ATT&CK TechniqueNameAssigned Risk ScoreBrief Justification
T1200Hardware Additions+5Unauthorized hardware connection creates a bypass point for security mechanisms.
T1059Command and Scripting Interpreter+2Standard functionality often used by attackers; base risk.
T1003.001OS Credential Dumping: LSASS Memory+9Direct credential extraction leading to full compromise.
T1560Archive Collected Data+4Preparation of data for exfiltration, indicating an advanced attack stage.

Scoring Logic

The risk score is a static weight assigned to a technique, determined by its role in a cyber attack. Impact techniques and Credential Access techniques receive the highest scores, while Discovery techniques are rated lower. These weights are intended for the initial assessment of incident severity and prioritization.

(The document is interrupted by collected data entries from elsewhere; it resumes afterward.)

(* Let $n\ge 1$, let $G=P_n$ be the path with vertex set $\{1,\dots,n\}$ and edges $\{i,i+1\}$ for $1\le i<n$, and let $C\subseteq V(G)$ be such that no vertex of $V(G)\setminus C$ is isolated. Let $m_1=n-\delta_1+1$, where $\delta_1=\min_{v\in V(G)}|N\langle v\rangle|$. If $\{1,n\}\subseteq C$ or $C$ is a good configuration for $G$, then $\gamma_{\rm gr}(G;C)=m_1$; otherwise $\gamma_{\rm gr}(G;C)=m_1-1$.
   Context: $N\langle v\rangle = N[v]$ (closed neighborhood) if $v\in C$ and $N\langle v\rangle=N(v)$ (open neighborhood) if $v\notin C$. A sequence $(v_1,\dots,v_k)$ of distinct vertices is legal if $N\langle v_i\rangle\setminus\bigcup_{j<i}N\langle v_j\rangle\neq\emptyset$ for all $i\ge 2$, and dominating if $\bigcup_j N\langle v_j\rangle=V$; $\gamma_{\rm gr}(G;C)$ is the maximum length of a legal dominating sequence. Good configuration (defined for a path with vertices $a_1,\dots,a_n$ in order, applied to $C\cap\{a_1,\dots,a_n\}$; isolated vertices outside $C$ are allowed in this definition): $C$ is a good configuration for the path if (i) $n=1$ and $a_1\in C$; or (ii) $n=2$ and $\{a_1,a_2\}\not\subseteq C$; or (iii) $n\ge 3$ and either $a_1\notin C$ and $C$ is a good configuration for the subpath $(a_3,\dots,a_n)$, or $a_n\notin C$ and $C$ is a good configuration for the subpath $(a_1,\dots,a_{n-2})$. *)

From mathcomp Require Import all_boot.
Set Implicit Arguments. Unset Strict Implicit. Unset Printing Implicit Defensive.

Section GrundyTotal.
Variable V : finType.
Variable adj : rel V.
Variable C : {set V}.

Definition open_nbhd (v : V) : {set V} := [set u | adj v u].
Definition closed_nbhd (v : V) : {set V} := v |: open_nbhd v.

Definition nbhdC (v : V) : {set V} :=
  if v \in C then closed_nbhd v else open_nbhd v.

Definition covered (s : seq V) : {set V} := \bigcup_(v <- s) nbhdC v.

Definition legal_seq (s : seq V) : Prop :=
  uniq s /\
  forall (i : nat) (x0 : V), 0 < i < size s ->
    nbhdC (nth x0 s i) :\: covered (take i s) != set0.

Definition dominating_seq (s : seq V) : Prop := covered s = [set: V].

Definition is_gamma_gr (k : nat) : Prop :=
  (exists s, legal_seq s /\ dominating_seq s /\ size s = k) /\
  (forall s, legal_seq s -> dominating_seq s -> size s <= k).

Definition delta1 : nat := \big[minn/#|V|]_(v : V) #|nbhdC v|.

(* good configuration for a path with vertices a_1,...,a_n in order *)
Fixpoint good_aux (fuel : nat) (s : seq V) : bool :=
  match fuel with
  | 0 => false
  | fuel'.+1 =>
    match s with
    | [::] => false
    | [:: a] => a \in C
    | [:: a; b] => ~~ ((a \in C) && (b \in C))
    | a :: _ :: rest =>
        ((a \notin C) && good_aux fuel' rest) ||
        ((last a s \notin C) && good_aux fuel' (take (size s - 2) s))
    end
  end.

Definition good_config (s : seq V) : bool := good_aux (size s) s.

End GrundyTotal.

(* the path P_n on vertices 'I_n (vertex i+1 of the paper is i here) *)
Definition path_adj (n : nat) : rel 'I_n :=
  fun u v => ((val u).+1 == val v) || ((val v).+1 == val u).

From mathcomp Require Import all_boot zify.
Set Implicit Arguments. Unset Strict Implicit. Unset Printing Implicit Defensive.

(* A legal sequence has at most n vertices, and it has exactly n when every vertex footprints
   exactly one new vertex; call such an ordering of a vertex set S (footprints counted inside S)
   a legal ordering of S.  For a segment of the path with an end vertex e outside C, N<e> meets
   the segment only in the neighbour e' of e, and only e' dominates e; hence e, e' can be moved
   to the two ends of a legal ordering, and the segment has one iff the segment without e, e'
   has one.  If both ends of a segment of at least two vertices are in C, every vertex has two
   N<.>-neighbours in the segment, so none exists.  This is exactly the recursion defining good
   configurations.  A legal ordering of P_n forces a vertex with |N<v>| = 1, so then
   gamma_gr = n = m1; otherwise the vertices 1, ..., n-1 in order still give a legal dominating
   sequence, and gamma_gr = n - 1, which is m1 or m1 - 1 according as delta_1 = 2 (both ends
   in C) or delta_1 = 1. *)

Section LegalFrom.
Variables (V : finType) (F : V -> {set V}).

Definition cover (s : seq V) : {set V} := \bigcup_(v <- s) F v.

Lemma cover_nil : cover [::] = set0. Proof. exact: big_nil. Qed.

Lemma cover_cons w s : cover (w :: s) = F w :|: cover s.
Proof. exact: big_cons. Qed.

Lemma mem_cover x s : reflect (exists2 w, w \in s & x \in F w) (x \in cover s).
Proof. by rewrite /cover bigcup_seq; apply: (iffP bigcupP). Qed.

Lemma mem_of_subsetU1 (A B : {set V}) x : A \subset x |: B -> ~~ (A \subset B) -> x \in A.
Proof.
move=> /subsetP AxB /subsetPn [y Ay yB].
by have := AxB y Ay; rewrite in_setU1 (negbTE yB) orbF => /eqP <-.
Qed.

Fixpoint legal_from (c : {set V}) (s : seq V) : bool :=
  if s is w :: s' then ~~ (F w \subset c) && legal_from (c :|: F w) s' else true.

Lemma legal_fromP c s :
  reflect (forall i x0, i < size s -> ~~ (F (nth x0 s i) \subset c :|: cover (take i s)))
          (legal_from c s).
Proof.
elim: s c => [|w s IH] c /=; first by apply: ReflectT.
apply: (iffP andP) => [[Fw /IH Hs] [|i] x0 /= lt_i|H].
- by rewrite cover_nil setU0.
- by rewrite cover_cons setUA; apply: Hs.
split; first by have := H 0 w isT; rewrite cover_nil setU0.
by apply/IH => i x0 lt_i; have := H i.+1 x0 lt_i; rewrite /= cover_cons setUA.
Qed.

Lemma legal_from_subset (c c' : {set V}) s : c' \subset c -> legal_from c s -> legal_from c' s.
Proof.
elim: s c c' => [|w s IH] c c' //= sub_c /andP [Fw Hs].
rewrite (contra (fun h => subset_trans h sub_c) Fw) /=.
by apply: IH Hs; apply: setSU.
Qed.

Lemma legal_from_mem (c : {set V}) s w : legal_from c s -> w \in s -> ~~ (F w \subset c).
Proof.
elim: s c => [|u s IH] c //= /andP [Fu Hs]; rewrite in_cons => /predU1P [-> //|ws].
by apply: contra (IH _ Hs ws) => /subset_trans; apply; apply: subsetUl.
Qed.

Lemma legal_from_uniq c s : legal_from c s -> uniq s.
Proof.
elim: s c => [|w s IH] c //= /andP [_ Hs]; rewrite (IH _ Hs) andbT.
by apply/negP => /(legal_from_mem Hs); rewrite subsetUr.
Qed.

Lemma legal_from_card c s : legal_from c s -> #|c| + size s <= #|c :|: cover s|.
Proof.
elim: s c => [|w s IH] c /=; first by rewrite cover_nil setU0 addn0.
case/andP=> Fw /IH; rewrite cover_cons setUA /= addnS; apply: leq_trans.
rewrite ltn_add2r; apply: proper_card; rewrite properUl //.
Qed.

Lemma legal_from_size c s : legal_from c s -> size s <= #|~: c|.
Proof.
move/legal_from_card; have := cardsC c; have := max_card (c :|: cover s); lia.
Qed.

Lemma legal_from_rem c s u : legal_from c s -> legal_from c (rem u s).
Proof.
elim: s c => [|w s IH] c //= /andP [Fw Hs]; case: eqP => _.
  by apply: legal_from_subset Hs; apply: subsetUl.
by rewrite /= Fw IH.
Qed.

Lemma legal_from_setU1 c s x :
  (forall w, w \in s -> x \notin F w) -> legal_from c s -> legal_from (x |: c) s.
Proof.
elim: s c => [|w s IH] c //= xF /andP [Fw Hs].
have xFw : x \notin F w by apply: xF; rewrite mem_head.
apply/andP; split.
  apply: contra Fw => /subsetP sub; apply/subsetP => y Fy.
  by have := sub y Fy; rewrite in_setU1 => /predU1P [yx|//]; rewrite -yx Fy in xFw.
rewrite -setUA; apply: IH => [v vs|//]; apply: xF; exact: mem_behead.
Qed.

Lemma legal_from_rem_pendant c s e e' :
  legal_from c s -> e \in s -> F e \subset e' |: c -> legal_from (e' |: c) (rem e s).
Proof.
elim: s c => [|w s IH] c //= /andP [Fw Hs]; rewrite in_cons.
have [<- _ Fe|ne_we /= es Fe] := eqVneq w e.
  apply: legal_from_subset Hs; rewrite setUC setUS // sub1set.
  exact: mem_of_subsetU1 Fe Fw.
apply/andP; split.
  apply: contra (legal_from_mem Hs es) => Fw'; apply: (subset_trans Fe).
  by rewrite subUset subsetUl sub1set in_setU (mem_of_subsetU1 Fw' Fw) orbT.
rewrite -setUA; apply: IH => //.
by apply: subset_trans Fe _; rewrite setUS // subsetUl.
Qed.

Lemma legal_from_rcons c s w :
  legal_from c (rcons s w) = legal_from c s && ~~ (F w \subset c :|: cover s).
Proof.
elim: s c => [|u s IH] c /=; first by rewrite cover_nil setU0 andbT.
by rewrite IH cover_cons setUA andbA.
Qed.

(* Footprints are counted inside [S] only: the vertices outside [S] start out dominated. *)
Definition legal_ordering (S : {set V}) : Prop :=
  exists2 s, s =i S & legal_from (~: S) s.

Lemma legal_ordering0 : legal_ordering set0.
Proof. by exists [::] => // x; rewrite inE. Qed.

Lemma legal_ordering1 a : legal_ordering [set a] <-> a \in F a.
Proof.
split=> [[s sa Hs]|Faa].
  have /subsetPn [x Fx] : ~~ (F a \subset ~: [set a]).
    by apply: legal_from_mem Hs _; rewrite sa set11.
  by rewrite !inE negbK => /eqP xa; move: Fx; rewrite xa.
exists [:: a] => [x|]; first by rewrite !inE.
by rewrite /= andbT; apply/subsetPn; exists a; rewrite ?inE ?eqxx.
Qed.

Lemma legal_ordering_leaf S :
  legal_ordering S -> S != set0 -> exists2 w, w \in S & #|F w :&: S| <= 1.
Proof.
case=> [[|w s] sS Hs /set0Pn [x]]; first by rewrite -sS.
have wS : w \in S by rewrite -sS mem_head.
exists w => //; rewrite leqNgt; apply/negP => FwS.
have /card_uniqP size_s := legal_from_uniq Hs.
rewrite (eq_card sS) in size_s.
move: Hs => /= /andP [_ /legal_from_card card_s].
have := cardsUI (~: S) (F w); rewrite setIC -setDE.
have := cardsID S (F w); have := cardsC S; have := max_card (~: S :|: F w :|: cover s).
move: size_s card_s FwS => /=; lia.
Qed.

(* Only [e'] can footprint [e] and [e] can footprint nothing but [e'], so any legal
   ordering can be rearranged to start with [e] and end with [e']. *)
Section Pendant.
Variables (S : {set V}) (e e' : V).
Hypotheses (eS : e \in S) (FeS : F e :&: S = [set e']).
Hypotheses (Fe'e : e \in F e') (Fee : e \notin F e).
Hypothesis only_e' : forall w, w \in S -> e \in F w -> w = e'.

Let e'FeS : (e' \in F e) && (e' \in S).
Proof. by rewrite -in_setI FeS set11. Qed.

Let ne_ee' : e != e'.
Proof. by apply/eqP => ee'; move: Fee; rewrite {2}ee' Fe'e. Qed.

Let Fe_sub : F e \subset e' |: ~: S.
Proof.
apply/subsetP => x Fx; rewrite !inE; have [xS|] := boolP (x \in S); last by rewrite orbT.
have : x \in F e :&: S by rewrite inE Fx.
by rewrite FeS inE orbF.
Qed.

Lemma legal_ordering_pendant : legal_ordering S <-> legal_ordering (S :\ e :\ e').
Proof.
have [e'Fe e'S] := andP e'FeS.
split=> [[s sS Hs]|[s sS Hs]].
  have us := legal_from_uniq Hs.
  have mem_s x : (x \in rem e' (rem e s)) = [&& x != e', x != e & x \in S].
    by rewrite (mem_rem_uniq _ (rem_uniq _ us)) inE (mem_rem_uniq _ us) inE sS.
  exists (rem e' (rem e s)) => [x|]; first by rewrite mem_s !inE.
  apply: (@legal_from_subset (e |: (e' |: ~: S))).
    by apply/subsetP => x; rewrite !inE; case: (x == e); case: (x == e').
  apply: legal_from_setU1 => [w|].
    rewrite mem_s => /and3P [ne_we' _ wS].
    by apply: contra ne_we' => /(only_e' wS) ->.
  by apply/legal_from_rem/legal_from_rem_pendant; rewrite ?sS.
exists (e :: rcons s e') => [x|].
  rewrite in_cons mem_rcons in_cons sS !inE.
  have [->|_] := eqVneq x e; first by rewrite eS.
  by have [->|] := eqVneq x e'; rewrite ?e'S.
rewrite /= legal_from_rcons; apply/and3P; split.
- by apply/subsetPn; exists e'; rewrite ?inE ?negbK.
- apply: legal_from_subset Hs; apply: (@subset_trans _ _ (e' |: ~: S)).
    by rewrite subUset subsetU1 Fe_sub.
  by apply/subsetP => x; rewrite !inE => /orP [->|/negbTE ->]; rewrite ?andbF.
apply/subsetPn; exists e => //; rewrite !inE eS (negbTE Fee) /=.
apply/negP => /mem_cover [w]; rewrite sS !inE => /and3P [ne_we' _ wS] /(only_e' wS).
by move/eqP: ne_we'.
Qed.
End Pendant.
End LegalFrom.

Section GoodConfig.
Variables (V : finType) (C : {set V}).

Lemma good_aux_fuel f g s : size s <= f -> size s <= g -> good_aux C f s = good_aux C g s.
Proof.
elim: f g s => [|f IH] [|g] [|a [|b [|c r]]] //= sf sg.
by rewrite (IH g) 1?(IH g) //= ?size_takel //=; lia.
Qed.

Lemma good_configE f s : size s <= f -> good_aux C f s = good_config C s.
Proof. by move=> sf; apply: good_aux_fuel. Qed.

Definition good_config0 (s : seq V) : bool := (s == [::]) || good_config C s.

Lemma good_config_cons2 a b r p y z : a :: b :: r = p ++ [:: y; z] ->
  good_config C (a :: b :: r) = (a \notin C) && good_config0 r || (z \notin C) && good_config0 p.
Proof.
case: r => [|c r] E.
  have [-> ->] : p = [::] /\ z = b.
    by case: p E => [[_ ->]|q [|? [|? ?]]] //.
  by rewrite /good_config0 /good_config /= negb_and !andbT.
have size_p : size p = (size r).+1.
  by move/(congr1 size): E; rewrite size_cat /=; lia.
have unfold_aux f : good_aux C f.+1 [:: a, b, c & r] =
    (a \notin C) && good_aux C f (c :: r)
    || (last a [:: a, b, c & r] \notin C) && good_aux C f (take (size r).+1 [:: a, b, c & r]).
  by [].
have last_z : last a [:: a, b, c & r] = z by rewrite E last_cat.
have take_p : take (size r).+1 [:: a, b, c & r] = p by rewrite E -size_p take_size_cat.
rewrite /good_config unfold_aux last_z take_p !good_configE ?size_p //.
by rewrite /good_config0; case: (p) size_p.
Qed.
End GoodConfig.

Section Graph.
Variables (V : finType) (adj : rel V) (C : {set V}).
Notation N := (nbhdC adj C).

Lemma in_nbhdC v x : (x \in N v) = (v \in C) && (x == v) || adj v x.
Proof. by rewrite /nbhdC /closed_nbhd /open_nbhd; case: (v \in C); rewrite !inE. Qed.

Lemma nbhdC_neq0 : (forall v, v \notin C -> open_nbhd adj v != set0) -> forall v, N v != set0.
Proof.
move=> hC v; have [vC|vC] := boolP (v \in C); last by rewrite /nbhdC (negbTE vC) hC.
by apply/set0Pn; exists v; rewrite in_nbhdC vC eqxx.
Qed.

Assigning Confidence Levels

Purpose

Determines how accurately a detection rule or signal indicates genuinely malicious activity versus legitimate operational activity.

Confidence Scale

Confidence LevelNumeric ValueAssessment Criteria
High Confidence1.0The alert almost unequivocally indicates malicious activity. Typical for signatures of known malware, detection of public exploit use with reliable IOCs. Minimal false positive rate.
Medium Confidence0.75Strong suspicion of an attack, but additional verification is required. Typical for system utilities run with unusual parameters, or activities resembling methods of known cyber groups. Moderate false positive rate.
Low Confidence0.5The action is suspicious but has a high probability of being legitimate. For example, a single execution of system utilities (ipconfig) without other contextual clues. High false positive rate.